Zijn kinderen gevoeliger dan volwassenen voor luchtverontreiniging?

“Ja. Ze hebben een hogere hartslag en ademen sneller in verhouding tot hun lichaamsgrootte. Daardoor komen toxische deeltjes sneller in de longen en zo in de rest van het lichaam terecht.

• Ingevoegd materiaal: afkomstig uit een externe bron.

(* Let $G$ be a group. The following are equivalent: (1) every transitive function $u:\rho\to G$ is trivial; (2) every transitive function $w:\le\;\to G$ on the partial order $\le$ of $\mathcal C$ is trivial; (3) for every function $v:\Gamma_1\to G$ such that $v(a_1)\cdots v(a_r)=v(b_1)\cdots v(b_s)$ for all paths $a_1\cdots a_r$ and $b_1\cdots b_s$ in $\Gamma$ with the same start vertex and the same end vertex, there exists $f:\Gamma_0\to G$ with $v(a)=f(s(a))f(t(a))^{-1}$ for every $a\in\Gamma_1$.
   Context: $\rho$ is a preorder on $\{1,\dots,n\}$; $i\sim j$ iff $i\rho j$ and $j\rho i$; $\mathcal C$ is the set of classes, $\hat i$ the class of $i$, with partial order $\hat i\le\hat j$ iff $i\rho j$. For a preorder (or partial order) $\pi$ on a set $X$, a transitive function on $\pi$ with values in a group $G$ is a map $u:\pi\to G$ (defined on pairs $(x,y)$ with $x\pi y$) such that $u(x,y)u(y,z)=u(x,z)$ whenever $x\pi y$, $y\pi z$; it is trivial if there are $g_x\in G$ ($x\in X$) with $u(x,y)=g_xg_y^{-1}$ for all $x\pi y$. $\Gamma=(\Gamma_0,\Gamma_1)$ is the directed graph with vertex set $\Gamma_0=\mathcal C$ and an arrow $a$ from $\alpha$ to $\beta$ (written $s(a)=\alpha$, $t(a)=\beta$) iff $\alpha<\beta$ and there is no $\gamma$ with $\alpha<\gamma<\beta$ (the Hasse diagram). A path $a_1\cdots a_r$ means arrows with $t(a_i)=s(a_{i+1})$. *)

From HB Require Import structures.
From mathcomp Require Import all_boot.
Set Implicit Arguments. Unset Strict Implicit. Unset Printing Implicit Defensive.
Local Open Scope group_scope.

(* A function on r (defined on pairs (x,y) with r x y) is
   represented by a total map X -> X -> G of which only the values on related
   pairs are ever used. *)
Definition transitive_fun (G : groupType) (X : Type) (r : X -> X -> bool)
    (u : X -> X -> G) : Prop :=
  forall x y z, r x y -> r y z -> u x y * u y z = u x z.

Definition trivial_fun (G : groupType) (X : Type) (r : X -> X -> bool)
    (u : X -> X -> G) : Prop :=
  exists g : X -> G, forall x y, r x y -> u x y = g x * (g y)^-1.

Definition is_preorder (n : nat) (rho : rel 'I_n) : Prop :=
  reflexive rho /\ transitive rho.

Section Classes.
Variables (n : nat) (rho : rel 'I_n).

Definition equivp (i j : 'I_n) : bool := rho i j && rho j i.

Definition cls_of (i : 'I_n) : {set 'I_n} := [set j | equivp i j].

Definition classes : {set {set 'I_n}} := [set cls_of i | i : 'I_n].

(* the type of classes (vertex set Gamma_0 of the Hasse diagram) *)
Definition cls : Type := {A : {set 'I_n} | A \in classes}.

Definition cle (a b : cls) : bool :=
  [exists i : 'I_n, exists j : 'I_n,
     [&& val a == cls_of i, val b == cls_of j & rho i j]].

Definition clt (a b : cls) : bool := (a != b) && cle a b.

(* arrows of the Hasse diagram Gamma: a -> b iff a < b with nothing between;
   there is at most one arrow between two vertices, so Gamma_1 is identified
   with the set of pairs (a, b) with hasse_arrow a b, s = first component,
   t = second component. *)
Definition hasse_arrow (a b : cls) : bool :=
  clt a b && ~~ [exists c : cls, clt a c && clt c b].

(* a path in Gamma starting at vertex a is given by the sequence s of the
   successive target vertices of its arrows; it ends at last a s. *)
Definition hasse_path (a : cls) (s : seq cls) : bool := path hasse_arrow a s.

Fixpoint path_prod (G : groupType) (v : cls -> cls -> G) (a : cls) (s : seq cls)
    : G :=
  match s with
  | [::] => 1
  | b :: s' => v a b * path_prod v b s'
  end.

End Classes.

From HB Require Import structures.
From mathcomp Require Import all_boot.
Set Implicit Arguments. Unset Strict Implicit. Unset Printing Implicit Defensive.
Local Open Scope group_scope.

(* A transitive function on the preorder rho is the same thing as a transitive
   function on the poset of classes, up to the correction g i := u i (rep i)
   comparing each index with a fixed representative of its class.  On the
   finite poset of classes, every comparable pair a <= b is joined by a path
   of covering arrows, so a transitive function w is determined by its values
   on arrows: conversely, a function v on arrows whose path products depend
   only on the endpoints extends to w a b := the product along any path from
   a to b, and a potential f for w is exactly a potential for v. *)

Lemma path_le_last (T : Type) (le : rel T) (x : T) (s : seq T) :
  reflexive le -> transitive le -> path le x s -> le x (last x s).
Proof.
move=> le_refl le_trans; elim: s x => [|y s IH] x /=; first by rewrite le_refl.
by case/andP=> le_xy /IH; apply: le_trans.
Qed.

Section FiniteOrder.
Variables (T : finType) (le : rel T).

Definition strict (a b : T) : bool := (a != b) && le a b.

Definition covers (a b : T) : bool :=
  strict a b && ~~ [exists c, strict a c && strict c b].

Definition interval (a b : T) : {set T} := [set c | le a c && le c b].

Lemma covers_le : subrel covers le.
Proof. by move=> a b /andP[/andP[]]. Qed.

Hypotheses (le_refl : reflexive le) (le_trans : transitive le)
           (le_anti : antisymmetric le).

Lemma interval_proper_r (a b c : T) :
  le a c -> strict c b -> interval a c \proper interval a b.
Proof.
move=> le_ac /andP[ne_cb le_cb]; apply/properP; split.
  apply/subsetP => x; rewrite !inE => /andP[-> le_xc].
  exact: le_trans le_xc le_cb.
exists b; first by rewrite inE (le_trans le_ac le_cb) le_refl.
rewrite inE negb_and; apply/orP; right; apply: contra ne_cb => le_bc.
by apply/eqP/le_anti; rewrite le_cb.
Qed.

“Ook tijdens de zwangerschap kan luchtverontreiniging een rol spelen. Bijvoorbeeld de bloed-hersenbarrière, die toxische stoffen buiten de hersenen houdt bij volwassenen, is nog niet volledig ontwikkeld bij ongeboren kinderen. Als we met de microscoop kijken vinden we in de longen van alle foetussen deeltjes fijnstof terug, nog voor een kind zelfstandig geademd heeft.”

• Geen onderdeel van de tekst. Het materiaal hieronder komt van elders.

(* Let $\mathbf{a},\mathbf{b},\mathbf{c},\mathbf{d}\in\mathcal{R}^n$ and $\mathbf{e},\mathbf{f},\mathbf{g},\mathbf{h}\in\mathcal{R}^m$. Define the $m\times n$ matrices \begin{align*} Q&=\mathbf{f}^{*t}\mathbf{a}+\mathbf{g}^t\mathbf{c}-\mathbf{e}^t\mathbf{b}^*+\mathbf{h}^t\mathbf{d},\\ R&=\mathbf{f}^{*t}\mathbf{b}+\mathbf{g}^{*t}\mathbf{d}+\mathbf{e}^t\mathbf{a}^*-\mathbf{h}^{*t}\mathbf{c},\\ S&=\mathbf{g}^{*t}\mathbf{a}-\mathbf{f}^t\mathbf{c}-\mathbf{h}^t\mathbf{b}-\mathbf{e}^t\mathbf{d}^*,\\ T&=\mathbf{g}^{t}\mathbf{b}-\mathbf{f}^t\mathbf{d}+\mathbf{h}^{*t}\mathbf{a}+\mathbf{e}^t\mathbf{c}^*. \end{align*} Then in $\mathcal{R}[x^{\pm1},y^{\pm1}]$, \[ (\psi_Q\psi_Q^*+\psi_R\psi_R^*+\psi_S\psi_S^*+\psi_T\psi_T^* )(x,y)=(\psi_{\mathbf{a}}\psi^*_{\mathbf{a}}+\psi_{\mathbf{b}}\psi^*_{\mathbf{b}}+\psi_{\mathbf{c}}\psi^*_{\mathbf{c}}+\psi_{\mathbf{d}}\psi^*_{\mathbf{d}})(x)\,(\psi_{\mathbf{e}}\psi^*_{\mathbf{e}}+\psi_{\mathbf{f}}\psi^*_{\mathbf{f}}+\psi_{\mathbf{g}}\psi^*_{\mathbf{g}}+\psi_{\mathbf{h}}\psi^*_{\mathbf{h}})(y). \]
   Context: $\mathcal{R}$ is a commutative ring with identity equipped with an involutive ring automorphism $*$. It is extended to $\mathcal{R}[x^{\pm1}]$ by acting on coefficients and $x\mapsto x^{-1}$, and to $\mathcal{R}[x^{\pm1},y^{\pm1}]$ by acting on coefficients, $x\mapsto x^{-1}$, $y\mapsto y^{-1}$; $f^*$ denotes the image of $f$. For $\mathbf{a}=(a_0,\dots,a_{l-1})\in\mathcal{R}^l$: $\mathbf{a}^*=(a_{l-1}^*,\dots,a_0^* )$, $\phi_{\mathbf{a}}(x)=\sum_{i=0}^{l-1}a_ix^i$, and $\psi_{\mathbf{a}}(x)=x^{1-l}\phi_{\mathbf{a}}(x^2)$. Vectors in $\mathcal{R}^k$ are $1\times k$ matrices, $t$ is transpose, so $\mathbf{u}^t\mathbf{v}$ is the $m\times n$ outer product. For $A\in\mathcal{R}^{m\times n}$ with rows $\mathbf{a}_0,\dots,\mathbf{a}_{m-1}$, $\psi_A(x,y)=\sum_{i=0}^{m-1}\psi_{\mathbf{a}_i}(x)\,y^{2i+1-m}$. *)

From HB Require Import structures.
From mathcomp Require Import all_boot all_order all_algebra.
Set Implicit Arguments. Unset Strict Implicit. Unset Printing Implicit Defensive.
Import Order.TTheory GRing.Theory Num.Theory.
Local Open Scope ring_scope.

(* The Laurent polynomial ring R[x^{+-1}, y^{+-1}] is modelled as formal
   finite sums of monomials c x^i y^j, given as lists of (c, (i, j)) with
   i j : int.  Two formal sums denote the same Laurent polynomial iff all
   their coefficients agree (lcoef), see [leqL]. *)
Definition laurent2 (R : Type) := seq (R * (int * int)).

Section Laurent.
Variable R : comPzRingType.

Definition lcoef (p : laurent2 R) (i j : int) : R :=
  \sum_(t <- p | t.2 == (i, j)) t.1.

Definition leqL (p q : laurent2 R) : Prop :=
  forall i j : int, lcoef p i j = lcoef q i j.

Definition laddL (p q : laurent2 R) : laurent2 R := p ++ q.

Definition lmulL (p q : laurent2 R) : laurent2 R :=
  [seq (s.1 * t.1, (s.2.1 + t.2.1, s.2.2 + t.2.2)) | s <- p, t <- q].

Definition lstarL (star : R -> R) (p : laurent2 R) : laurent2 R :=
  [seq (star t.1, (- t.2.1, - t.2.2)) | t <- p].

Definition vstar (star : R -> R) (l : nat) (a : 'rV[R]_l) : 'rV[R]_l :=
  \row_(i < l) star (a 0 (rev_ord i)).

(* psi_a(x) = x^{1-l} phi_a(x^2) = sum_i a_i x^{2i+1-l}, as element of
   R[x^{+-1}] embedded in R[x^{+-1},y^{+-1}] (y-exponent 0) *)
Definition psix (l : nat) (a : 'rV[R]_l) : laurent2 R :=
  [seq (a 0 i, (2%:Z * (nat_of_ord i)%:Z + 1 - l%:Z, 0%:Z)) | i <- enum 'I_l].

Definition psiy (l : nat) (a : 'rV[R]_l) : laurent2 R :=
  [seq (a 0 i, (0%:Z, 2%:Z * (nat_of_ord i)%:Z + 1 - l%:Z)) | i <- enum 'I_l].

(* psi_A(x,y) = sum_i psi_{a_i}(x) y^{2i+1-m}, a_i the rows of A *)
Definition psiM (m n : nat) (A : 'M[R]_(m, n)) : laurent2 R :=
  flatten [seq lmulL (psix (row i A))
                 [:: (1, (0%:Z, 2%:Z * (nat_of_ord i)%:Z + 1 - m%:Z))]
          | i <- enum 'I_m].

Definition lnormL (star : R -> R) (p : laurent2 R) : laurent2 R :=
  lmulL p (lstarL star p).

End Laurent.

(* The rank-one matrix u^t v has psi_{u^t v}(x, y) = psi_u(y) psi_v(x), psi_A
   is additive in A, and psi_{a^*} = (psi_a)^*.  Hence psi_Q, psi_R, psi_S,
   psi_T are the four components of a quaternion-like product of
   (psi_a, psi_b, psi_c, psi_d)(x) and (psi_e, psi_f, psi_g, psi_h)(y), and the
   claim becomes a polynomial identity in the commutative ring
   R[x^{+-1}, y^{+-1}] once * is distributed over sums and products: the cross
   terms cancel in pairs, as in the multiplicativity of the quaternion norm.
   Formal sums modulo [leqL] form a setoid ring, so [ring] checks that identity. *)
From HB Require Import structures.
From mathcomp Require Import all_boot all_order all_algebra.
From Stdlib Require Import Setoid Morphisms Ring_theory Ring.
From mathcomp Require Import zify.
Import GRing.Theory.
Local Open Scope ring_scope.
Set Implicit Arguments. Unset Strict Implicit.

Local Infix "+L" := laddL (at level 50, left associativity).
Local Infix "*L" := lmulL (at level 40, left associativity).

Section LaurentRing.
Variable R : comPzRingType.
Local Notation L := (laurent2 R).

Definition loppL (p : L) : L := [seq (- t.1, t.2) | t <- p].
Definition lsubL (p q : L) : L := p +L loppL q.
Definition lzeroL : L := [::].
Definition loneL : L := [:: (1, (0%:Z, 0%:Z))].

Lemma lcoef_add (p q : L) i j : lcoef (p +L q) i j = lcoef p i j + lcoef q i j.
Proof. by rewrite /lcoef big_cat. Qed.

Lemma lcoef_flatten (s : seq L) i j :
  lcoef (flatten s) i j = \sum_(p <- s) lcoef p i j.
Proof.
elim: s => [|p s IHs]; first by rewrite big_nil /lcoef big_nil.
by rewrite /= -[_ ++ _]/(_ +L _) lcoef_add IHs big_cons.
Qed.

Lemma lcoef_zero i j : lcoef lzeroL i j = 0.
Proof. by rewrite /lcoef big_nil. Qed.

Lemma lcoef_opp (p : L) i j : lcoef (loppL p) i j = - lcoef p i j.
Proof. by rewrite /lcoef big_map sumrN. Qed.

Lemma lcoef_mull (p q : L) i j :
  lcoef (p *L q) i j = \sum_(s <- p) s.1 * lcoef q (i - s.2.1) (j - s.2.2).
Proof.
rewrite /lmulL; elim: p => [|s p IHp]; first by rewrite /lcoef !big_nil.
rewrite allpairs_cons -[_ ++ _]/(_ +L _) lcoef_add IHp big_cons; congr (_ + _).
rewrite /lcoef big_map mulr_sumr; apply: congr_big => // -[c [a b]] /=.
rewrite -pair_eqE /= [a == _]eq_sym [b == _]eq_sym !subr_eq.
by rewrite [i == _]eq_sym [j == _]eq_sym (addrC a) (addrC b).
Qed.

Lemma lcoef_mulr (p q : L) i j :
  lcoef (p *L q) i j = \sum_(t <- q) lcoef p (i - t.2.1) (j - t.2.2) * t.1.
Proof.
rewrite lcoef_mull /lcoef.
under eq_bigr do rewrite mulr_sumr big_mkcond.
rewrite exchange_big /=; apply: eq_bigr => -[d [a' b']] _.
rewrite mulr_suml [RHS]big_mkcond; apply: eq_bigr => -[c [a b]] _ /=.
have eq_subC (x y k : int) : (x == k - y) = (y == k - x).
  by rewrite eq_sym subr_eq [RHS]eq_sym subr_eq addrC.
by rewrite !xpair_eqE [a' == _]eq_subC [b' == _]eq_subC; case: ifP.
Qed.

#[export] Instance leqL_equiv : Equivalence (@leqL R).
Proof.
split; first by move=> p i j.
  by move=> p q Hpq i j; rewrite Hpq.
by move=> p q r Hpq Hqr i j; rewrite Hpq Hqr.
Qed.

Lemma laddL_ext (p p' q q' : L) :
  leqL p p' -> leqL q q' -> leqL (p +L q) (p' +L q').
Proof. by move=> Hp Hq i j; rewrite !lcoef_add Hp Hq. Qed.

Lemma loppL_ext (p p' : L) : leqL p p' -> leqL (loppL p) (loppL p').
Proof. by move=> Hp i j; rewrite !lcoef_opp Hp. Qed.

Lemma lmulL_ext (p p' q q' : L) :
  leqL p p' -> leqL q q' -> leqL (p *L q) (p' *L q').
Proof.
move=> Hp Hq i j; rewrite lcoef_mulr.
under eq_bigr do rewrite Hp.
by rewrite -lcoef_mulr !lcoef_mull; apply: eq_bigr => s _; rewrite Hq.
Qed.

Lemma laurent2_ring_theory :
  ring_theory lzeroL loneL (@laddL R) (@lmulL R) lsubL loppL (@leqL R).
Proof.
split.
- by move=> p i j; rewrite lcoef_add lcoef_zero add0r.
- by move=> p q i j; rewrite !lcoef_add addrC.
- by move=> p q r i j; rewrite !lcoef_add addrA.
- by move=> p i j; rewrite lcoef_mull big_seq1 /= !subr0 mul1r.
- move=> p q i j; rewrite lcoef_mull lcoef_mulr.
  by apply: eq_bigr => s _; rewrite mulrC.
- move=> p q r i j; rewrite [LHS]lcoef_mull [RHS]lcoef_mulr.
  under eq_bigr do rewrite lcoef_mulr mulr_sumr.
  under [RHS]eq_bigr do rewrite lcoef_mull mulr_suml.
  rewrite exchange_big /=; apply: eq_bigr => s _; apply: eq_bigr => t _.
  by rewrite mulrA (addrAC i) (addrAC j).
- move=> p q r i j.
  by rewrite /laddL lcoef_mull big_cat /= !lcoef_add -!lcoef_mull.
- by [].
- by move=> p i j; rewrite /lsubL lcoef_add lcoef_opp subrr lcoef_zero.
Qed.

Lemma laurent2_ring_ext : ring_eq_ext (@laddL R) (@lmulL R) loppL (@leqL R).
Proof.
split=> [p p' Hp q q' Hq | p p' Hp q q' Hq | p p' Hp].
- exact: laddL_ext.
- exact: lmulL_ext.
- exact: loppL_ext.
Qed.

Add Ring laurent2_ring : laurent2_ring_theory (setoid leqL_equiv laurent2_ring_ext).

#[export] Instance laddL_Proper :
  Proper (@leqL R ==> @leqL R ==> @leqL R) (@laddL R).
Proof. by move=> ? ? Hp ? ? Hq; apply: laddL_ext. Qed.

#[export] Instance lmulL_Proper :
  Proper (@leqL R ==> @leqL R ==> @leqL R) (@lmulL R).
Proof. by move=> ? ? Hp ? ? Hq; apply: lmulL_ext. Qed.

#[export] Instance loppL_Proper : Proper (@leqL R ==> @leqL R) loppL.
Proof. by move=> ? ? Hp; apply: loppL_ext. Qed.

Section Involution.
Variable star : {rmorphism R -> R}.

Lemma lcoef_star (p : L) i j :
  lcoef (lstarL star p) i j = star (lcoef p (- i) (- j)).
Proof.
rewrite /lcoef /lstarL big_map rmorph_sum; apply: congr_big => // -[c [a b]] /=.
by rewrite !xpair_eqE !eqr_oppLR.
Qed.

#[export] Instance lstarL_Proper : Proper (@leqL R ==> @leqL R) (lstarL star).
Proof. by move=> p p' Hp i j; rewrite !lcoef_star Hp. Qed.

Lemma lstarL_add (p q : L) :
  leqL (lstarL star (p +L q)) (lstarL star p +L lstarL star q).
Proof. by move=> i j; rewrite lcoef_add !lcoef_star lcoef_add rmorphD. Qed.

Lemma lstarL_opp (p : L) : leqL (lstarL star (loppL p)) (loppL (lstarL star p)).
Proof. by move=> i j; rewrite lcoef_opp !lcoef_star lcoef_opp rmorphN. Qed.

Lemma lstarL_mul (p q : L) :
  leqL (lstarL star (p *L q)) (lstarL star p *L lstarL star q).
Proof.
move=> i j; rewrite lcoef_star !lcoef_mull rmorph_sum /lstarL big_map.
apply: eq_bigr => s _.
by rewrite rmorphM /= -/(lstarL star q) lcoef_star !opprK !opprD.
Qed.

Hypothesis starK : involutive star.

Lemma lstarLK (p : L) : leqL (lstarL star (lstarL star p)) p.
Proof. by move=> i j; rewrite !lcoef_star starK !opprK. Qed.

Lemma lnormL_quaternion (pa pb pc pd qe qf qg qh : L) :
  let s := lstarL star in
  leqL (lnormL star (s qf *L pa +L qg *L pc +L loppL (qe *L s pb) +L qh *L pd)
        +L lnormL star (s qf *L pb +L s qg *L pd +L qe *L s pa +L loppL (s qh *L pc))
        +L lnormL star (s qg *L pa +L loppL (qf *L pc) +L loppL (qh *L pb)
                          +L loppL (qe *L s pd))
        +L lnormL star (qg *L pb +L loppL (qf *L pd) +L s qh *L pa +L qe *L s pc))
       ((lnormL star pa +L lnormL star pb +L lnormL star pc +L lnormL star pd)
        *L (lnormL star qe +L lnormL star qf +L lnormL star qg +L lnormL star qh)).
Proof.
rewrite /lnormL.
repeat setoid_rewrite lstarL_add; repeat setoid_rewrite lstarL_opp.
repeat setoid_rewrite lstarL_mul; repeat setoid_rewrite lstarLK.
ring.
Qed.

End Involution.
End LaurentRing.

Section Psi.
Variable R : comPzRingType.

Definition psi_exp (l : nat) (i : 'I_l) : int := 2%:Z * (nat_of_ord i)%:Z + 1 - l%:Z.

Lemma psi_exp_rev l (i : 'I_l) : psi_exp (rev_ord i) = - psi_exp i.
Proof. by have := ltn_ord i; rewrite /psi_exp /=; lia. Qed.

Lemma lcoef_psix l (v : 'rV[R]_l) i j :
  lcoef (psix v) i j =
  \sum_(k < l) (if (psi_exp k == i) && (0%:Z == j) then v 0 k else 0).
Proof. by rewrite /lcoef /psix big_map big_enum_cond /= big_mkcond. Qed.

Lemma lcoef_psiy l (v : 'rV[R]_l) i j :
  lcoef (psiy v) i j =
  \sum_(k < l) (if (0%:Z == i) && (psi_exp k == j) then v 0 k else 0).
Proof. by rewrite /lcoef /psiy big_map big_enum_cond /= big_mkcond. Qed.

Lemma lcoef_psiM m n (A : 'M[R]_(m, n)) i j :
  lcoef (psiM A) i j =
  \sum_(k < m) \sum_(l < n)
    (if (psi_exp l == i) && (0%:Z == j - psi_exp k) then A k l else 0).
Proof.
rewrite /psiM lcoef_flatten big_map big_enum /=; apply: eq_bigr => k _.
rewrite lcoef_mulr big_seq1 /= mulr1 subr0 lcoef_psix.
by apply: eq_bigr => l _; rewrite mxE.
Qed.

Lemma psiM_add m n (A B : 'M[R]_(m, n)) :
  leqL (psiM (A + B)) (psiM A +L psiM B).
Proof.
move=> i j; rewrite lcoef_add !lcoef_psiM -big_split.
apply: eq_bigr => k _; rewrite -big_split; apply: eq_bigr => l _.
by rewrite mxE /=; case: ifP; rewrite ?addr0.
Qed.

Lemma psiM_opp m n (A : 'M[R]_(m, n)) : leqL (psiM (- A)) (loppL (psiM A)).
Proof.
move=> i j; rewrite lcoef_opp !lcoef_psiM -sumrN; apply: eq_bigr => k _.
by rewrite -sumrN; apply: eq_bigr => l _; rewrite mxE; case: ifP; rewrite ?oppr0.
Qed.

Lemma psiM_outer m n (u : 'rV[R]_m) (v : 'rV[R]_n) :
  leqL (psiM (u^T *m v)) (psiy u *L psix v).
Proof.
move=> i j; rewrite lcoef_psiM lcoef_mull /psiy big_map big_enum /=.
apply: eq_bigr => k _; rewrite subr0 lcoef_psix mulr_sumr; apply: eq_bigr => l _.
by rewrite !mxE big_ord1 !mxE; case: ifP; rewrite ?mulr0.
Qed.

Variable star : {rmorphism R -> R}.

Lemma psix_vstar l (v : 'rV[R]_l) :
  leqL (psix (vstar star v)) (lstarL star (psix v)).
Proof.
move=> i j; rewrite lcoef_star !lcoef_psix rmorph_sum (reindex_inj rev_ord_inj).
apply: eq_bigr => k _; rewrite psi_exp_rev eqr_oppLR.
rewrite [0%:Z == - _]eq_sym oppr_eq0 [_ == 0%:Z]eq_sym /vstar mxE rev_ordK.
by case: ifP; rewrite ?rmorph0.
Qed.

Lemma psiy_vstar l (v : 'rV[R]_l) :
  leqL (psiy (vstar star v)) (lstarL star (psiy v)).
Proof.
move=> i j; rewrite lcoef_star !lcoef_psiy rmorph_sum (reindex_inj rev_ord_inj).
apply: eq_bigr => k _; rewrite psi_exp_rev eqr_oppLR.
rewrite [0%:Z == - _]eq_sym oppr_eq0 [_ == 0%:Z]eq_sym /vstar mxE rev_ordK.
by case: ifP; rewrite ?rmorph0.
Qed.

End Psi.

Theorem lemma3p1 (R : comPzRingType) (star : {rmorphism R -> R})
  (star_invol : involutive star) (n m : nat)
  (a b c d : 'rV[R]_n) (e f g h : 'rV[R]_m) :
  let st := vstar star in
  let Q := (st _ f)^T *m a + g^T *m c - e^T *m st _ b + h^T *m d in
  let R' := (st _ f)^T *m b + (st _ g)^T *m d + e^T *m st _ a - (st _ h)^T *m c in
  let S := (st _ g)^T *m a - f^T *m c - h^T *m b - e^T *m st _ d in
  let T := g^T *m b - f^T *m d + (st _ h)^T *m a + e^T *m st _ c in
  leqL
    (laddL (laddL (laddL (lnormL star (psiM Q)) (lnormL star (psiM R')))
                  (lnormL star (psiM S))) (lnormL star (psiM T)))
    (lmulL
      (laddL (laddL (laddL (lnormL star (psix a)) (lnormL star (psix b)))
                    (lnormL star (psix c))) (lnormL star (psix d)))
      (laddL (laddL (laddL (lnormL star (psiy e)) (lnormL star (psiy f)))
                    (lnormL star (psiy g))) (lnormL star (psiy h)))).
Proof.
move=> st Q R' S T.
pose Y := @psiy R m; pose X := @psix R n.
have psiQ : leqL (psiM Q)
    (Y (st _ f) *L X a +L Y g *L X c +L loppL (Y e *L X (st _ b)) +L Y h *L X d).
  by move=> i j; rewrite !(psiM_add, psiM_opp, psiM_outer, lcoef_add, lcoef_opp).
have psiR : leqL (psiM R')
    (Y (st _ f) *L X b +L Y (st _ g) *L X d +L Y e *L X (st _ a)
       +L loppL (Y (st _ h) *L X c)).
  by move=> i j; rewrite !(psiM_add, psiM_opp, psiM_outer, lcoef_add, lcoef_opp).
have psiS : leqL (psiM S)
    (Y (st _ g) *L X a +L loppL (Y f *L X c) +L loppL (Y h *L X b)
       +L loppL (Y e *L X (st _ d))).
  by move=> i j; rewrite !(psiM_add, psiM_opp, psiM_outer, lcoef_add, lcoef_opp).
have psiT : leqL (psiM T)
    (Y g *L X b +L loppL (Y f *L X d) +L Y (st _ h) *L X a +L Y e *L X (st _ c)).
  by move=> i j; rewrite !(psiM_add, psiM_opp, psiM_outer, lcoef_add, lcoef_opp).
rewrite /lnormL; setoid_rewrite psiQ; setoid_rewrite psiR.
setoid_rewrite psiS; setoid_rewrite psiT; rewrite /X /Y /st.
repeat setoid_rewrite psix_vstar; repeat setoid_rewrite psiy_vstar.
exact: lnormL_quaternion.
Qed.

Wat betekent dit voor het beleid? Nog meer inzetten op zuivere lucht rond scholen en speelpleinen?

“Ja, maar om de luchtkwaliteit te verbeteren moet je overal actie ondernemen. Het hangt wat van de luchtpolluent af. Voor stikstofdioxide kun je lokaal maatregelen nemen omdat het gerelateerd is aan verkeer. Maar bijvoorbeeld fijnstof is echt een wolk die over een groot gebied hangt. Daar hebben lokale maatregelen minder vat op.

“Natuurlijk is het beter dat een school niet langs een drukke verkeersader ligt. Maar het beste scenario is om de basisluchtkwaliteit overal te verbeteren. Als het waait en regent is het meestal zo dat de lucht helemaal zuiver is. Zodra het een paar dagen windstil is, blijft alles hangen. Om die pieken te voorkomen moeten we de achtergrondwaarden zo laag mogelijk krijgen.”

In Oost- en Centraal-Europa en Italië blijkt de lucht het vuilst te zijn. Waarom net daar?

“Van Oost- en Centraal-Europa, bijvoorbeeld in het zuidoosten van Polen, rond Katowice, is dat goed geweten. Daar werken veel elektriciteitscentrales nog op kolen. Je moet zelfs geen meter hebben om de luchtverontreininging vast te stellen, je kunt ze gewoon ruiken. In Italië is de Po-vallei rond Milaan een grote hotspot voor luchtverontreiniging. Daar is natuurlijk veel industrie, maar zijn de omstandigheden door de vallei ook ideaal: het is er windstil en het weer is er stabiel.”

Hoe is de luchtkwaliteit in België?

“Op zich is de luchtkwaliteit veel beter dan tien jaar geleden. Het beleid is de goede weg opgegaan. Maar de nieuwe advieswaarden voor fijnstof van de WHO zijn bijna onmogelijk om hiet te halen. Gewoon omdat de bevolkingsdichtheid hier zo hoog ligt. Dat valt wel op: wetenschappers hebben lang gedacht dat er een veilig niveau zou bestaan waaronder deze stoffen kunnen circuleren. Dat veilige niveau blijkt echter zo laag te liggen dat de WHO zijn advieswaarden hard heeft moeten verlagen.”